Sœur Cristina Sciuccia, 25 ans, Ursuline de la Sainte-Famille, participait à la compétition italienne « The Voice of Italy », depuis le mois de mars sur RAI 2 – la deuxième chaîne publique italienne – : elle vient de remporter la victoire, ce jeudi 5 juin, avec 62 % des votes du public. La semaine dernière aussi elle avait été choisie par la « voix du peuple » pour aller en finale. Le prix remporté est un disque chez Universal. La RAI a déjà eu son prix: les audiences qui s’envoilent! Avec un peu d’avance, la télévision italienne a comme lancé l’Année de la vie consacrée en donnant à ce jeune talent toute sa place dans la compétition. Il fallait oser. Il fallait aussi avoir compris que l’Italie aime ses religieuses. Et en attend beaucoup. Mais c’est du monde entier que le plébiscite est arrivé.

Liberté, surprises et détermination

Sur YouTube, son interprétation de la chanson d’Alicia Keys « No One » a enregistré 50 millions de visions. Son coach, J-Ax, alias Joker Alex, qui l’a défendue constamment, avec un humour corrosif – a commenté : « Cinquante millions de personnes ne peuvent pas avoir tort ! » Pour sœur Cristina, cette chanson – qu’elle a rechantée avec bonheur lors de la finale – devient une déclaration d’amour à Dieu: « Je te veux tout proche/là où tu peux rester pour toujours/tu peux être sûr/que ce sera le meilleur endroit/toi et moi ensemble/jours et nuits ».

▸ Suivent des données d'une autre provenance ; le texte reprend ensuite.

Lemma nondecreasing_limit (F : R -> R) (tn : nat -> R) (l : R) :
  (forall a b, a <= b -> F a <= F b) -> cv_infty tn -> Un_cv (fun n => F (tn n)) l ->
  (forall t, F t <= l) /\ tends_at_infty F l.
Proof.
  intros Fmono Htn Hl.
  assert (Fle : forall t, F t <= l).
  { intro t. apply Rnot_lt_le. intro Hlt.
    destruct (Hl (F t - l)) as [N1 HN1]; [lra |].
    destruct (Htn t) as [N2 HN2].
    specialize (HN1 (max N1 N2) (Nat.le_max_l _ _)).
    specialize (HN2 (max N1 N2) (Nat.le_max_r _ _)).
    apply Rabs_def2 in HN1.
    assert (F t <= F (tn (max N1 N2))) by (apply Fmono; lra). lra. }
  split; [exact Fle |]. intros eps Heps. destruct (Hl eps Heps) as [N HN].
  exists (tn N). intros t Ht. specialize (HN N (le_n _)). apply Rabs_def2 in HN.
  specialize (Fle t). assert (F (tn N) <= F t) by (apply Fmono; exact Ht).
  apply Rabs_def1; lra.
Qed.

(* Barbalat-type lemma: if F' = c G^2 with c > 0, F converges along a sequence
   tending to +infinity and G' is bounded, then G -> 0.  Otherwise G stays
   large on intervals of fixed length, on which F gains a fixed amount. *)
Lemma barbalat (F G dG : R -> R) (c M l : R) (tn : nat -> R) :
  (forall t, derivable_pt_lim F t (c * G t ^ 2)) -> 0 < c ->
  (forall t, derivable_pt_lim G t (dG t)) -> (forall t, - M <= dG t <= M) ->
  cv_infty tn -> Un_cv (fun n => F (tn n)) l -> tends_at_infty G 0.
Proof.
  intros HF Hc HG HM Htn Hl.
  assert (Fmono : forall a b, a <= b -> F a <= F b).
  { intros a b Hab. apply (nondecreasing_of_nonneg_derivative F _ a b HF Hab). intros; nra. }
  destruct (nondecreasing_limit F tn l Fmono Htn Hl) as [Fle Ftends].
  assert (HM0 : 0 <= M) by (destruct (HM 0); lra).
  intros eps Heps.
  set (d := eps / (2 * (M + 1))).
  assert (Hd : 0 < d) by (apply Rdiv_lt_0_compat; lra).
  assert (HMd : M * d <= eps / 2).
  { unfold d. apply (Rmult_le_reg_r (2 * (M + 1))); [lra |]. field_simplify; nra. }
  set (k := c * (eps / 2) ^ 2 * d).
  assert (Hk : 0 < k) by (unfold k; apply Rmult_lt_0_compat; [apply Rmult_lt_0_compat |]; nra).
  destruct (Ftends k Hk) as [T HT]. exists T. intros t Ht.
  rewrite Rminus_0_r. apply Rnot_le_lt. intro Hbig.
  assert (Hstay : forall u, t <= u <= t + d -> (eps / 2) ^ 2 <= G u ^ 2).
  { intros u Hu.
    assert (Hinc := increment_abs_le G dG M t u HG (proj1 Hu) HM).
    assert (M * (u - t) <= eps / 2) by nra.
    assert (Hrev := Rabs_triang_inv (G t) (G t - G u)).
    replace (G t - (G t - G u)) with (G u) in Hrev by ring.
    rewrite Rabs_minus_sym in Hinc.
    assert (eps / 2 <= Rabs (G u)) by lra.
    rewrite <- (pow2_abs (G u)). apply pow_incr. split; lra. }
  assert (Hgain : c * (eps / 2) ^ 2 * (t + d - t) <= F (t + d) - F t).
  { apply (increment_ge F (fun s => c * G s ^ 2)); [exact HF | lra |].
    intros s Hs. apply Rmult_le_compat_l; [lra | exact (Hstay s Hs)]. }
  specialize (HT t Ht). apply Rabs_def2 in HT. specialize (Fle (t + d)).
  replace (t + d - t) with d in Hgain by ring. unfold k in HT. lra.
Qed.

Vraie bête de scène, vraie maîtrise vocale, sœur Cristina a remporté non seulement la compétition de « La Voix d’Italie » mais le prix de la sympathie. Aux commentaires désobligeants que sa présence dans une émission de variété populaire a pu susciter, en milieu catho et en milieu anti-catho – sa voix dénigrée, son talent diminué, l’accusation d’être « pistonnée » du fait de son habit religieux ou que sa présence était « déplacée » – elle répond tranquillement que le pape François veut une Eglise « en sortie » ! On devine que son parcours du combattant n’a pas été sans souffrance.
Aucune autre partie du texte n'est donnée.